▶

(* Let $d\ge1$, $r\ge3$ and $n=dr\ge2$. If $r\ge 2^9$, then $$2^{n-2}r^2(2d+5)\Big(1-\frac{20\log_2^2 r}{2n+5r}\Big)\le \mathrm{td}(Q_n(d,r))\le 2^{n-2}r^2(2d+5)\Big(1-\frac{8(r-1)}{2nr+5r^2}\Big);$$ and if $3\le r<2^9$, then $$2^{n-2}(2nr+r^2)\le \mathrm{td}(Q_n(d,r))\le 2^{n-2}(2nr+5r^2-8r+8).$$
   Context: $\mathbb{Z}_2^n=\{0,1\}^n$ with coordinatewise addition mod 2; $e_i$ is the $i$-th standard basis vector, subscripts read modulo $n$. The recursive cube of rings $Q_n(d,r)$ (for $n\ge d$, $dr\equiv0\pmod n$) is the simple graph on $\mathbb{Z}_2^n\times\mathbb{Z}_r$ in which $(a,x)$ is adjacent to $(a+e_{i+dx},x)$ for $1\le i\le d$ and to $(a,x\pm1)$; it is vertex-transitive. For a vertex-transitive graph $X$, the total distance $\mathrm{td}(X)=\sum_{v\in V(X)}\mathrm{dist}(u,v)$ for any fixed vertex $u$ (here one may take $u=(0_n,0)$). $\log_2^2 r=(\log_2 r)^2$. *)

From mathcomp Require Import all_boot.
Set Implicit Arguments. Unset Strict Implicit. Unset Printing Implicit Defensive.

Section RCR.
Variables n d r : nat.

(* Vertex set Z_2^n x Z_r.  Coordinate j : 'I_n stands for the basis
   vector e_j, indices read modulo n (so e_n is coordinate 0). *)
Definition RCRvert : finType := ({ffun 'I_n -> bool} * 'I_r)%type.

Definition flipbit (a : {ffun 'I_n -> bool}) (k : nat) : {ffun 'I_n -> bool} :=
  [ffun j : 'I_n => a j (+) (val j == k %% n)].

Definition RCRadj (u v : RCRvert) : bool :=
  ((v.1 == u.1) &&
     ((val v.2 == (val u.2 + 1) %% r) || (val u.2 == (val v.2 + 1) %% r)))
  || ((v.2 == u.2) &&
      [exists i : 'I_d, v.1 == flipbit u.1 (i.+1 + d * val u.2)]).

Fixpoint RCRball (u : RCRvert) (k : nat) : {set RCRvert} :=
  match k with
  | 0 => [set u]
  | k'.+1 => RCRball u k' :|: [set v | [exists w in RCRball u k', RCRadj w v]]
  end.

(* graph distance: least k with v in the ball of radius k around u
   (a shortest path has fewer than #|V| edges) *)
Definition RCRdist (u v : RCRvert) : nat :=
  find (fun k => v \in RCRball u k) (iota 0 #|RCRvert|).

Definition RCRtd : nat :=
  \sum_(u : RCRvert | (u.1 == [ffun => false]) && (val u.2 == 0))
     \sum_(v : RCRvert) RCRdist u v.

End RCR.

(* A vertex (a, x) is reached from the root (0, 0) by walking around the ring
   Z_r and flipping each 1-bit of a while standing at the ring position that
   owns its block.  So the distance to (a, x) is |a| plus the length of the
   shortest ring walk from 0 to x that visits every position whose block meets
   a; such a walk explores an arc [-p, q] and has length 2 (p + q) - m, where
   m is its final, never retraced leg.  Visiting the whole ring bounds the
   distance by |a| + r - 2 + min(x, r - x) (by |a| + r when x = 0).  Below, it
   is at least |a| + min(x, r - x), plus 2 when x = 0 and block 1 meets a (which
   makes up for the rounding of min(x, r - x) when r is odd).  Summing over all
   vertices, with average weight n / 2, gives the bounds for small r.  For
   large r a walk beats the whole-ring walk by more than 2k only if a has k + 1
   consecutive empty blocks; for k = 2 (floor(log2 r) + 1) at most 2^n / (2 r)
   words do, which yields the sharper lower bound. *)

From mathcomp Require Import all_boot.
From mathcomp Require Import zify.
Set Implicit Arguments. Unset Strict Implicit. Unset Printing Implicit Defensive.

Lemma modn_inj_pos n u v : 0 < u <= n -> 0 < v <= n -> u %% n = v %% n -> u = v.
Proof.
have modE w : 0 < w <= n -> w %% n = (w < n) * w.
  case/andP=> w0; rewrite leq_eqVlt => /predU1P[->|wn]; first by rewrite modnn ltnn.
  by rewrite modn_small ?wn ?mul1n.
by move=> /[dup] /modE -> /andP[? ?] /[dup] /modE -> /andP[? ?]; case: ltnP; case: ltnP; lia.
Qed.

Lemma modn_pred_eq r m x : 0 < m -> x < r -> m %% r = x.+1 %% r -> m.-1 %% r = x.
Proof.
move=> m_gt0 xr mx; rewrite -(modn_small xr); apply/eqP.
by rewrite -(eqn_modDr 1) !addn1 prednK // mx.
Qed.

Lemma modn_eq_cases r m x : m %% r = x -> m = x \/ r + x <= m.
Proof.
move=> mx; have := divn_eq m r; rewrite mx.
by case: (m %/ r) => [|t]; [rewrite mul0n add0n; left | rewrite mulSn => ->; right; lia].
Qed.

Lemma modn_eq0_cases r m : m %% r = 0 -> m = 0 \/ m = r \/ 2 * r <= m.
Proof.
move=> m0; have := divn_eq m r; rewrite m0 addn0.
case: (m %/ r) => [|[|t]]; first by rewrite mul0n; left.
  by rewrite mul1n; right; left.
by rewrite !mulSn => ->; right; right; lia.
Qed.

Definition ring_dist_sum k := \sum_(0 <= x < k) minn x (k - x).

Lemma ring_dist_sumSS k : ring_dist_sum k.+2 = ring_dist_sum k + k.+1.
Proof.
rewrite /ring_dist_sum big_nat_recl // min0n add0n.
rewrite (eq_big_nat _ _ (F2 := fun x => minn x (k - x) + 1)); last first.
  by move=> x /andP[_ xk]; rewrite subSS; lia.
rewrite big_split /= sum_nat_const_nat subn0 muln1 big_nat_recr //= subnn minn0.
by rewrite addn0.
Qed.

Lemma ring_dist_sum_bounds k :
  4 * ring_dist_sum k <= k * k <= 4 * ring_dist_sum k + 1.
Proof.
elim/ltn_ind: k => -[|[|k]] IH; first by rewrite /ring_dist_sum big_geq.
  by rewrite /ring_dist_sum big_nat1.
rewrite ring_dist_sumSS.
by have /andP[] := IH k (ltnW (ltnSn k.+1)); nia.
Qed.

(** * Words *)

Section Words.
Variable n : nat.
Local Notation word := {ffun 'I_n -> bool}.

Definition weight (a : word) : nat := \sum_(j : 'I_n) (a j : nat).

Lemma weight0 : weight [ffun => false] = 0.
Proof. by rewrite /weight big1 // => j _; rewrite ffunE. Qed.

Lemma weight_le (a : word) : weight a <= n.
Proof.
rewrite -[n]card_ord -sum1_card.
by apply: leq_sum => j _; apply: leq_b1.
Qed.

Lemma sum_const_word (c : nat) : \sum_(a : word) c = 2 ^ n * c.
Proof. by rewrite sum_nat_const card_ffun card_bool card_ord. Qed.

Lemma card_set_word (P : pred word) : #|[set a | P a]| = \sum_a (P a : nat).
Proof. by rewrite -sum1_card big_mkcond /=; apply: eq_bigr => a _; rewrite inE. Qed.

Definition wordC (a : word) : word := [ffun j => ~~ a j].

Lemma wordCK : involutive wordC.
Proof. by move=> a; apply/ffunP => j; rewrite !ffunE negbK. Qed.

Lemma sum_word_pairs (F : word -> nat) c :
  (forall a, F a + F (wordC a) = c) -> 2 * \sum_a F a = c * 2 ^ n.
Proof.
move=> FC; rewrite mul2n -addnn {2}(reindex_inj (inv_inj wordCK)) -big_split /=.
by rewrite (eq_bigr (fun _ => c)) // sum_const_word mulnC.
Qed.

◀

Exercise instructions → Line by line, the listing above is to be transcribed exactly.

Solution below →
(* Let $d\ge1$, $r\ge3$ and $n=dr\ge2$. If $r\ge 2^9$, then $$2^{n-2}r^2(2d+5)\Big(1-\frac{20\log_2^2 r}{2n+5r}\Big)\le \mathrm{td}(Q_n(d,r))\le 2^{n-2}r^2(2d+5)\Big(1-\frac{8(r-1)}{2nr+5r^2}\Big);$$ and if $3\le r<2^9$, then $$2^{n-2}(2nr+r^2)\le \mathrm{td}(Q_n(d,r))\le 2^{n-2}(2nr+5r^2-8r+8).$$
   Context: $\mathbb{Z}_2^n=\{0,1\}^n$ with coordinatewise addition mod 2; $e_i$ is the $i$-th standard basis vector, subscripts read modulo $n$. The recursive cube of rings $Q_n(d,r)$ (for $n\ge d$, $dr\equiv0\pmod n$) is the simple graph on $\mathbb{Z}_2^n\times\mathbb{Z}_r$ in which $(a,x)$ is adjacent to $(a+e_{i+dx},x)$ for $1\le i\le d$ and to $(a,x\pm1)$; it is vertex-transitive. For a vertex-transitive graph $X$, the total distance $\mathrm{td}(X)=\sum_{v\in V(X)}\mathrm{dist}(u,v)$ for any fixed vertex $u$ (here one may take $u=(0_n,0)$). $\log_2^2 r=(\log_2 r)^2$. *)

From mathcomp Require Import all_boot.
Set Implicit Arguments. Unset Strict Implicit. Unset Printing Implicit Defensive.

Section RCR.
Variables n d r : nat.

(* Vertex set Z_2^n x Z_r.  Coordinate j : 'I_n stands for the basis
   vector e_j, indices read modulo n (so e_n is coordinate 0). *)
Definition RCRvert : finType := ({ffun 'I_n -> bool} * 'I_r)%type.

Definition flipbit (a : {ffun 'I_n -> bool}) (k : nat) : {ffun 'I_n -> bool} :=
  [ffun j : 'I_n => a j (+) (val j == k %% n)].

Definition RCRadj (u v : RCRvert) : bool :=
  ((v.1 == u.1) &&
     ((val v.2 == (val u.2 + 1) %% r) || (val u.2 == (val v.2 + 1) %% r)))
  || ((v.2 == u.2) &&
      [exists i : 'I_d, v.1 == flipbit u.1 (i.+1 + d * val u.2)]).

Fixpoint RCRball (u : RCRvert) (k : nat) : {set RCRvert} :=
  match k with
  | 0 => [set u]
  | k'.+1 => RCRball u k' :|: [set v | [exists w in RCRball u k', RCRadj w v]]
  end.

(* graph distance: least k with v in the ball of radius k around u
   (a shortest path has fewer than #|V| edges) *)
Definition RCRdist (u v : RCRvert) : nat :=
  find (fun k => v \in RCRball u k) (iota 0 #|RCRvert|).

Definition RCRtd : nat :=
  \sum_(u : RCRvert | (u.1 == [ffun => false]) && (val u.2 == 0))
     \sum_(v : RCRvert) RCRdist u v.

End RCR.

(* A vertex (a, x) is reached from the root (0, 0) by walking around the ring
   Z_r and flipping each 1-bit of a while standing at the ring position that
   owns its block.  So the distance to (a, x) is |a| plus the length of the
   shortest ring walk from 0 to x that visits every position whose block meets
   a; such a walk explores an arc [-p, q] and has length 2 (p + q) - m, where
   m is its final, never retraced leg.  Visiting the whole ring bounds the
   distance by |a| + r - 2 + min(x, r - x) (by |a| + r when x = 0).  Below, it
   is at least |a| + min(x, r - x), plus 2 when x = 0 and block 1 meets a (which
   makes up for the rounding of min(x, r - x) when r is odd).  Summing over all
   vertices, with average weight n / 2, gives the bounds for small r.  For
   large r a walk beats the whole-ring walk by more than 2k only if a has k + 1
   consecutive empty blocks; for k = 2 (floor(log2 r) + 1) at most 2^n / (2 r)
   words do, which yields the sharper lower bound. *)

From mathcomp Require Import all_boot.
From mathcomp Require Import zify.
Set Implicit Arguments. Unset Strict Implicit. Unset Printing Implicit Defensive.

Lemma modn_inj_pos n u v : 0 < u <= n -> 0 < v <= n -> u %% n = v %% n -> u = v.
Proof.
have modE w : 0 < w <= n -> w %% n = (w < n) * w.
  case/andP=> w0; rewrite leq_eqVlt => /predU1P[->|wn]; first by rewrite modnn ltnn.
  by rewrite modn_small ?wn ?mul1n.
by move=> /[dup] /modE -> /andP[? ?] /[dup] /modE -> /andP[? ?]; case: ltnP; case: ltnP; lia.
Qed.

Lemma modn_pred_eq r m x : 0 < m -> x < r -> m %% r = x.+1 %% r -> m.-1 %% r = x.
Proof.
move=> m_gt0 xr mx; rewrite -(modn_small xr); apply/eqP.
by rewrite -(eqn_modDr 1) !addn1 prednK // mx.
Qed.

Lemma modn_eq_cases r m x : m %% r = x -> m = x \/ r + x <= m.
Proof.
move=> mx; have := divn_eq m r; rewrite mx.
by case: (m %/ r) => [|t]; [rewrite mul0n add0n; left | rewrite mulSn => ->; right; lia].
Qed.

Lemma modn_eq0_cases r m : m %% r = 0 -> m = 0 \/ m = r \/ 2 * r <= m.
Proof.
move=> m0; have := divn_eq m r; rewrite m0 addn0.
case: (m %/ r) => [|[|t]]; first by rewrite mul0n; left.
  by rewrite mul1n; right; left.
by rewrite !mulSn => ->; right; right; lia.
Qed.

Definition ring_dist_sum k := \sum_(0 <= x < k) minn x (k - x).

Lemma ring_dist_sumSS k : ring_dist_sum k.+2 = ring_dist_sum k + k.+1.
Proof.
rewrite /ring_dist_sum big_nat_recl // min0n add0n.
rewrite (eq_big_nat _ _ (F2 := fun x => minn x (k - x) + 1)); last first.
  by move=> x /andP[_ xk]; rewrite subSS; lia.
rewrite big_split /= sum_nat_const_nat subn0 muln1 big_nat_recr //= subnn minn0.
by rewrite addn0.
Qed.

Lemma ring_dist_sum_bounds k :
  4 * ring_dist_sum k <= k * k <= 4 * ring_dist_sum k + 1.
Proof.
elim/ltn_ind: k => -[|[|k]] IH; first by rewrite /ring_dist_sum big_geq.
  by rewrite /ring_dist_sum big_nat1.
rewrite ring_dist_sumSS.
by have /andP[] := IH k (ltnW (ltnSn k.+1)); nia.
Qed.

(** * Words *)

Section Words.
Variable n : nat.
Local Notation word := {ffun 'I_n -> bool}.

Definition weight (a : word) : nat := \sum_(j : 'I_n) (a j : nat).

Lemma weight0 : weight [ffun => false] = 0.
Proof. by rewrite /weight big1 // => j _; rewrite ffunE. Qed.

Lemma weight_le (a : word) : weight a <= n.
Proof.
rewrite -[n]card_ord -sum1_card.
by apply: leq_sum => j _; apply: leq_b1.
Qed.

Lemma sum_const_word (c : nat) : \sum_(a : word) c = 2 ^ n * c.
Proof. by rewrite sum_nat_const card_ffun card_bool card_ord. Qed.

Lemma card_set_word (P : pred word) : #|[set a | P a]| = \sum_a (P a : nat).
Proof. by rewrite -sum1_card big_mkcond /=; apply: eq_bigr => a _; rewrite inE. Qed.

Definition wordC (a : word) : word := [ffun j => ~~ a j].

Lemma wordCK : involutive wordC.
Proof. by move=> a; apply/ffunP => j; rewrite !ffunE negbK. Qed.

Lemma sum_word_pairs (F : word -> nat) c :
  (forall a, F a + F (wordC a) = c) -> 2 * \sum_a F a = c * 2 ^ n.
Proof.
move=> FC; rewrite mul2n -addnn {2}(reindex_inj (inv_inj wordCK)) -big_split /=.
by rewrite (eq_bigr (fun _ => c)) // sum_const_word mulnC.
Qed.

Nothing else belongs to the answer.